I had issues with lack of float and I went to the speedplay-X pedals and problem solved. My 54 year old knees are happy now.

Ride Safe,

Joe


----------



## twinkles (Apr 23, 2007)

Crank Brothers made an extender that goes between the spindle threads and the crank threads. I've never seen one in real life, but it looks to add close to 2 cm. I couldn't find the item on their website, so they might have stopped producing them.


----------



## wesb321 (Oct 1, 2011)

crockpot2001 said:


> I was having some issues with my knee using Speedplays. I switched back to Look style Shimano pedals and noticed immediatly that they are extremely close to the cranks. I've added 3 spacer washers but my duck feet still rub the crankarms. Are they narrower than the models of years past? Anyone else have this issue?

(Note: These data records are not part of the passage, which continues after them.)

Lemma outside_edge_color col (U : {set T}) r x y :
  r \in U -> color_rel col U x y -> ~~ connect (color_rel col U) x r ->
  c r x = c r y.
Proof.
move=> rU exy nxr; move: (exy) => /and4P [xU yU xy /eqP cxy].
have nyr : ~~ connect (color_rel col U) y r.
  by apply: contra nxr; apply: connect_trans (connect1 exy).
have rx : r != x by apply: contraNneq nxr => ->.
have ry : r != y by apply: contraNneq nyr => ->.
have edge_to_r u : u \in U -> r != u -> c r u = col ->
    connect (color_rel col U) u r.
  move=> uU ru cru; apply: connect1.
  by rewrite /color_rel uU rU eq_sym ru c_sym cru eqxx.
have crx : c r x != col by apply: contra nxr => /eqP; apply: edge_to_r.
have cry : c r y != col by apply: contra nyr => /eqP; apply: edge_to_r.
case: (no_rainbow rx xy ry) => [crx_col | [cry_col | //]].
  by rewrite crx_col cxy eqxx in crx.
by rewrite -cry_col cxy eqxx in cry.
Qed.

Lemma outside_component_color col (U : {set T}) a r d : r \in U ->
  ~~ connect (color_rel col U) a r -> connect (color_rel col U) a d ->
  c r d = c r a.
Proof.
move=> rU nar /connectP [p].
elim: p a nar => [|z p IH] a nar /=; first by move=> _ ->.
case/andP => eaz pz d_last.
have nzr : ~~ connect (color_rel col U) z r.
  by apply: contra nar; apply: connect_trans (connect1 eaz).
by rewrite (IH z nzr pz d_last) (outside_edge_color rU eaz nar).
Qed.

Section VertexDeletion.
Variables (col : K) (U : {set T}) (v x y : T).
Hypothesis col_conn : connected_in col U.
Hypotheses (xU' : x \in U :\ v) (yU' : y \in U :\ v).
Hypothesis xy_disconn : ~~ connect (color_rel col (U :\ v)) x y.
Local Notation U' := (U :\ v).
Local Notation conn' := (connect (color_rel col U')).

Same issue when I ride in normal shoes instead of the cycling cleats. The side of my shoe keept damaging the zip ties for the cadence magnet and rubbing the logo off my crank set. I compared them with my other Shimano pedals and they have a shorter bolt but a wider platform than the others. The 105 cleats that came w/ the pedals have some adjustment room left to right. I am using the 540's with the 105 cleats currently and it's fine until I acquire more wealth:thumbsup:


----------



## wim (Feb 28, 2005)

crockpot2001 said:


> I was having some issues with my knee using Speedplays. I switched back to Look style Shimano pedals and noticed immediatly that they are extremely close to the cranks. I've added 3 spacer washers but my duck feet still rub the crankarms. Are they narrower than the models of years past?


Shimano pedals have a larger platform than the Speedplays, so they may just appear to be closer to the crank. In other words, the distances from the _centers_ of the two pedal platforms to the crank may well be identical. As said, move the Shimano cleats as far to the inside edge of the shoe as you can. And make sure they are angled correctly—just a slight bit cleat rotation in relation to the shoe sole could allow your heel to strike the crank.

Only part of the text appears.